(Available records begins)

(* Let $(X,d)$ be a metric space (not necessarily complete) with $|X|\geqslant 3$, and let $T\colon X\to X$ satisfy: (i) $T$ has no periodic points of prime period $2$, i.e. $T(T(x))\neq x$ for every $x\in X$ with $Tx\neq x$; (ii) there exist $\alpha,\lambda\geqslant0$ with $2\alpha+\frac{3\lambda}{2}<1$ such that $$d(Tx,Ty)+d(Ty,Tz)+d(Tx,Tz)\leqslant \alpha\big(d(x,y)+d(y,z)+d(z,x)\big)+\lambda\big(d(x,Tx)+d(y,Ty)+d(z,Tz)\big)$$ for all pairwise distinct $x,y,z\in X$; (iii) $T$ is continuous at a point $x^*\in X$; (iv) there exists $x_0\in X$ such that the sequence of iterates $x_n=Tx_{n-1}$, $n=1,2,\dots$, has a subsequence $(x_{n_k})$ converging to $x^*$. Then $x^*$ is a fixed point of $T$, and $T$ has at most two fixed points. *)

From Stdlib Require Import Reals.
Open Scope R_scope.

Definition is_metric {X : Type} (d : X -> X -> R) : Prop :=
  (forall x y, 0 <= d x y) /\
  (forall x y, d x y = 0 <-> x = y) /\
  (forall x y, d x y = d y x) /\
  (forall x y z, d x z <= d x y + d y z).

Fixpoint iter_T {X : Type} (T : X -> X) (x0 : X) (n : nat) : X :=
  match n with
  | O => x0
  | S m => T (iter_T T x0 m)
  end.

Definition continuous_at_metric {X : Type} (d : X -> X -> R) (T : X -> X) (p : X) : Prop :=
  forall eps, 0 < eps -> exists delta, 0 < delta /\
    forall x, d x p < delta -> d (T x) (T p) < eps.

Definition converges_to {X : Type} (d : X -> X -> R) (u : nat -> X) (l : X) : Prop :=
  forall eps, 0 < eps -> exists N : nat, forall n, (N <= n)%nat -> d (u n) l < eps.

Definition strictly_increasing (phi : nat -> nat) : Prop :=
  forall k, (phi k < phi (S k))%nat.

(** Along an orbit with no 2-cycles, three consecutive distinct iterates form a
    genuine triangle, and the contraction condition shrinks the perimeter of
    the next triangle by the factor (α + λ)/(1 - λ/2) < 1: each side is at most
    half the perimeter, which absorbs the new displacement d(x_{n+2}, x_{n+3}).
    Hence d(x_n, x_{n+1}) → 0, and the cluster point x* is a limit of
    approximate fixed points at which T is continuous, so T x* = x*.  Three
    distinct fixed points would form a triangle whose perimeter is multiplied
    by α < 1 under T while staying the same. *)

From Stdlib Require Import Reals Lra Lia Classical.
Open Scope R_scope.

Lemma strictly_increasing_ge_id (phi : nat -> nat) :
  strictly_increasing phi -> forall k, (k <= phi k)%nat.
Proof.
  intros Hphi k; induction k as [|k IH]; [lia|].
  specialize (Hphi k); lia.
Qed.

Lemma Un_cv_nonneg_0 (u : nat -> R) :
  (forall n, 0 <= u n) ->
  (forall eps, 0 < eps -> exists N, forall n, (N <= n)%nat -> u n < eps) ->
  Un_cv u 0.
Proof.
  intros Hu Hcv eps Heps.
  destruct (Hcv eps Heps) as [N HN].
  exists N; intros n Hn.
  unfold Rdist; rewrite Rminus_0_r, Rabs_right by (apply Rle_ge, Hu).
  apply HN; lia.
Qed.

Lemma Un_cv_eventually_0 (u : nat -> R) (N : nat) :
  (forall n, (N <= n)%nat -> u n = 0) -> Un_cv u 0.
Proof.
  intros Hu eps Heps; exists N; intros n Hn.
  rewrite Hu by lia; unfold Rdist; rewrite Rminus_0_r, Rabs_R0; lra.
Qed.

Lemma Un_cv_squeeze_0 (u v : nat -> R) :
  (forall n, 0 <= v n <= u n) -> Un_cv u 0 -> Un_cv v 0.
Proof.
  intros Huv Hu eps Heps.
  destruct (Hu eps Heps) as [N HN]; exists N; intros n Hn.
  specialize (HN n Hn); specialize (Huv n).
  unfold Rdist in *; rewrite Rminus_0_r in *.
  rewrite Rabs_right in * by lra; lra.
Qed.

Lemma Un_cv_contracting_0 (u : nat -> R) (q : R) :
  0 <= q < 1 -> (forall n, 0 <= u n) -> (forall n, u (S n) <= q * u n) ->
  Un_cv u 0.
Proof.
  intros Hq Hu Hstep.
  assert (Hgeo : forall n, u n <= q ^ n * u O).
  { induction n as [|n IH]; simpl; [lra|].
    rewrite Rmult_assoc.
    apply (Rle_trans _ _ _ (Hstep n)), Rmult_le_compat_l; lra. }
  apply Un_cv_nonneg_0; [exact Hu|]; intros eps Heps.
  assert (Hu0 := Hu O).
  destruct (pow_lt_1_zero q ltac:(rewrite Rabs_right; lra) (eps / (u O + 1)))
    as [N HN]; [apply Rdiv_lt_0_compat; lra|].
  exists N; intros n Hn.
  specialize (HN n Hn); rewrite Rabs_right in HN by (apply Rle_ge, pow_le; lra).
  assert (q ^ n * u O <= eps / (u O + 1) * u O) by (apply Rmult_le_compat_r; lra).
  assert (eps / (u O + 1) * u O < eps).
  { apply (Rmult_lt_reg_r (u O + 1)); [lra|]. field_simplify; lra. }
  specialize (Hgeo n); lra.
Qed.

Lemma Un_cv_subseq (u : nat -> R) (l : R) (phi : nat -> nat) :
  strictly_increasing phi -> Un_cv u l -> Un_cv (fun k => u (phi k)) l.
Proof.
  intros Hphi Hu eps Heps.
  destruct (Hu eps Heps) as [N HN]; exists N; intros k Hk.
  apply HN; pose proof (strictly_increasing_ge_id phi Hphi k); lia.
Qed.

Section Metric.

Context {X : Type} (d : X -> X -> R).
Hypothesis Hd : is_metric d.

Lemma dist_ge0 x y : 0 <= d x y.
Proof. exact (proj1 Hd x y). Qed.

Lemma dist_eq0 x y : d x y = 0 <-> x = y.
Proof. exact (proj1 (proj2 Hd) x y). Qed.

Lemma dist_sym x y : d x y = d y x.
Proof. exact (proj1 (proj2 (proj2 Hd)) x y). Qed.

Lemma dist_triangle x y z : d x z <= d x y + d y z.
Proof. exact (proj2 (proj2 (proj2 Hd)) x y z). Qed.

Lemma dist_refl x : d x x = 0.
Proof. now apply dist_eq0. Qed.

Lemma dist_pos x y : x <> y -> 0 < d x y.
Proof.
  intros Hxy; destruct (Rle_lt_or_eq_dec _ _ (dist_ge0 x y)) as [|E]; [easy|].
  now symmetry in E; apply dist_eq0 in E.
Qed.

Definition perimeter (x y z : X) : R := d x y + d y z + d x z.

Lemma perimeter_ge0 x y z : 0 <= perimeter x y z.
Proof.
  unfold perimeter; pose proof (dist_ge0 x y); pose proof (dist_ge0 y z);
  pose proof (dist_ge0 x z); lra.
Qed.

Lemma perimeter_pos x y z : x <> y -> 0 < perimeter x y z.
Proof.
  intros Hxy; unfold perimeter; pose proof (dist_pos x y Hxy);
  pose proof (dist_ge0 y z); pose proof (dist_ge0 x z); lra.
Qed.

Lemma dist_le_half_perimeter x y z : 2 * d y z <= perimeter x y z.
Proof.
  unfold perimeter; pose proof (dist_triangle y x z); rewrite (dist_sym y x) in *;
  lra.
Qed.

Lemma converges_to_fixed_point (T : X -> X) (y : nat -> X) (xstar : X) :
  continuous_at_metric d T xstar ->
  converges_to d y xstar ->
  Un_cv (fun k => d (y k) (T (y k))) 0 ->
  T xstar = xstar.
Proof.
  intros Hcont Hy HyT.
  apply dist_eq0; rewrite dist_sym.
  destruct (Rle_lt_or_eq_dec _ _ (dist_ge0 xstar (T xstar))) as [HD|]; [|easy].
  exfalso; set (D := d xstar (T xstar)) in *.
  destruct (Hcont (D / 3) ltac:(lra)) as [delta [Hdelta HT]].
  destruct (Hy (Rmin (D / 3) delta) ltac:(apply Rmin_pos; lra)) as [N1 HN1].
  destruct (HyT (D / 3) ltac:(lra)) as [N2 HN2].
  set (k := Nat.max N1 N2).
  specialize (HN1 k ltac:(unfold k; lia)).
  specialize (HN2 k ltac:(unfold k; lia)).
  unfold Rdist in HN2; rewrite Rminus_0_r, Rabs_right in HN2
    by apply Rle_ge, dist_ge0.
  pose proof (Rmin_l (D / 3) delta); pose proof (Rmin_r (D / 3) delta).
  specialize (HT (y k) ltac:(lra)).
  (* D <= d(x*, y_k) + d(y_k, T y_k) + d(T y_k, T x* ) < D/3 + D/3 + D/3 *)
  pose proof (dist_triangle xstar (y k) (T xstar)).
  pose proof (dist_triangle (y k) (T (y k)) (T xstar)).
  rewrite (dist_sym xstar (y k)) in *; unfold D in *; lra.
Qed.

Section TriangleContraction.

Variables (T : X -> X) (alpha lambda : R).
Hypothesis HT : forall x y z, x <> y -> y <> z -> x <> z ->
  perimeter (T x) (T y) (T z)
  <= alpha * perimeter x y z + lambda * (d x (T x) + d y (T y) + d z (T z)).

Lemma at_most_two_fixed_points :
  alpha < 1 ->
  forall p q r, T p = p -> T q = q -> T r = r -> p = q \/ q = r \/ p = r.
Proof.
  intros Halpha p q r Hp Hq Hr.
  destruct (classic (p = q)) as [|Hpq]; [now left|].
  destruct (classic (q = r)) as [|Hqr]; [now right; left|].
  destruct (classic (p = r)) as [|Hpr]; [now right; right|].
  exfalso; specialize (HT p q r Hpq Hqr Hpr).
  rewrite Hp, Hq, Hr, !dist_refl in HT.
  pose proof (perimeter_pos p q r Hpq).
  assert (alpha * perimeter p q r < 1 * perimeter p q r)
    by (apply Rmult_lt_compat_r; lra).
  lra.
Qed.

Hypothesis no_2_cycles : forall x, T x <> x -> T (T x) <> x.

Variable x0 : X.
Local Notation x := (iter_T T x0).

Lemma orbit_stationary N : T (x N) = x N -> forall n, (N <= n)%nat -> x n = x N.
Proof.
  intros HN n Hn; induction Hn as [|n Hn IH]; [reflexivity|].
  simpl; rewrite IH; exact HN.
Qed.

Lemma orbit_perimeter_step n :
  0 <= lambda -> x (S n) <> x n -> x (S (S n)) <> x (S n) ->
  (1 - lambda / 2) * perimeter (x (S n)) (x (S (S n))) (x (S (S (S n))))
  <= (alpha + lambda) * perimeter (x n) (x (S n)) (x (S (S n))).
Proof.
  intros Hlambda H01 H12.
  assert (H02 : x (S (S n)) <> x n) by now apply no_2_cycles.
  specialize (HT (x n) (x (S n)) (x (S (S n)))
    (not_eq_sym H01) (not_eq_sym H12) (not_eq_sym H02)).
  change (T (x n)) with (x (S n)) in HT.
  change (T (x (S n))) with (x (S (S n))) in HT.
  change (T (x (S (S n)))) with (x (S (S (S n)))) in HT.
  pose proof (dist_le_half_perimeter (x (S n)) (x (S (S n))) (x (S (S (S n))))).
  pose proof (dist_ge0 (x n) (x (S (S n)))).
  assert (lambda * (d (x n) (x (S n)) + d (x (S n)) (x (S (S n)))
                    + d (x (S (S n))) (x (S (S (S n)))))
          <= lambda * (perimeter (x n) (x (S n)) (x (S (S n)))
                       + perimeter (x (S n)) (x (S (S n))) (x (S (S (S n)))) / 2)).
  { apply Rmult_le_compat_l; [lra|]; unfold perimeter in *; lra. }
  lra.
Qed.

Lemma orbit_asymptotically_regular :
  0 <= alpha -> 0 <= lambda -> alpha + 3 * lambda / 2 < 1 ->
  Un_cv (fun n => d (x n) (x (S n))) 0.
Proof.
  intros Halpha Hlambda Hal.
  destruct (classic (exists N, x (S N) = x N)) as [[N HN]|Hmoving].
  - apply (Un_cv_eventually_0 _ N); intros n Hn.
    rewrite (orbit_stationary N HN n), (orbit_stationary N HN (S n)) by lia.
    apply dist_refl.
  - assert (Hne : forall n, x (S n) <> x n) by (intros n E; apply Hmoving; now exists n).
    set (q := (alpha + lambda) / (1 - lambda / 2)).
    apply (Un_cv_squeeze_0 (fun n => perimeter (x n) (x (S n)) (x (S (S n))))).
    { intros n; split; [apply dist_ge0|].
      unfold perimeter; pose proof (dist_ge0 (x (S n)) (x (S (S n))));
      pose proof (dist_ge0 (x n) (x (S (S n)))); lra. }
    apply (Un_cv_contracting_0 _ q).
    + split; unfold q.
      * apply Rmult_le_pos; [lra|]; left; apply Rinv_0_lt_compat; lra.
      * apply (Rmult_lt_reg_r (1 - lambda / 2)); [lra|]; field_simplify; lra.
    + intros n; apply perimeter_ge0.
    + intros n; apply (Rmult_le_reg_l (1 - lambda / 2)); [lra|].
      unfold q; rewrite <- Rmult_assoc, Rmult_div_assoc, Rmult_div_r by lra.
      now apply orbit_perimeter_step.
Qed.

End TriangleContraction.

End Metric.

Theorem theorem5p1 (X : Type) (d : X -> X -> R) (T : X -> X)
  (alpha lambda : R) (xstar x0 : X) :
  is_metric d ->
  (exists a b c : X, a <> b /\ b <> c /\ a <> c) ->
  (forall x, T x <> x -> T (T x) <> x) ->
  0 <= alpha -> 0 <= lambda -> 2 * alpha + 3 * lambda / 2 < 1 ->
  (forall x y z, x <> y -> y <> z -> x <> z ->
     d (T x) (T y) + d (T y) (T z) + d (T x) (T z)
     <= alpha * (d x y + d y z + d z x)
        + lambda * (d x (T x) + d y (T y) + d z (T z))) ->
  continuous_at_metric d T xstar ->
  (exists phi : nat -> nat, strictly_increasing phi /\
     converges_to d (fun k => iter_T T x0 (phi k)) xstar) ->
  T xstar = xstar /\
  (forall p q r : X, T p = p -> T q = q -> T r = r ->
     p = q \/ q = r \/ p = r).
Proof.
  intros Hd _ Hno2 Halpha Hlambda Hal Hcontr Hcont [phi [Hphi Hconv]].
  assert (HT : forall x y z, x <> y -> y <> z -> x <> z ->
    perimeter d (T x) (T y) (T z)
    <= alpha * perimeter d x y z + lambda * (d x (T x) + d y (T y) + d z (T z))).
  { intros x y z Hxy Hyz Hxz; unfold perimeter.
    rewrite (dist_sym d Hd x z); now apply Hcontr. }
  split.
  - apply (converges_to_fixed_point d Hd T _ xstar Hcont Hconv).
    apply (Un_cv_subseq (fun n => d (iter_T T x0 n) (iter_T T x0 (S n))) 0 phi Hphi).
    apply (orbit_asymptotically_regular d Hd T alpha lambda HT Hno2); lra.
  - apply (at_most_two_fixed_points d Hd T alpha lambda HT); lra.
Qed.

(Available records ends)

→ Aim of the exercise: Find the string "left" in the entries above. Copy each line where it occurs.

→ Solution to the exercise:
  destruct (classic (p = q)) as [|Hpq]; [now left|].
  destruct (classic (q = r)) as [|Hqr]; [now right; left|].
      * apply Rmult_le_pos; [lra|]; left; apply Rinv_0_lt_compat; lra.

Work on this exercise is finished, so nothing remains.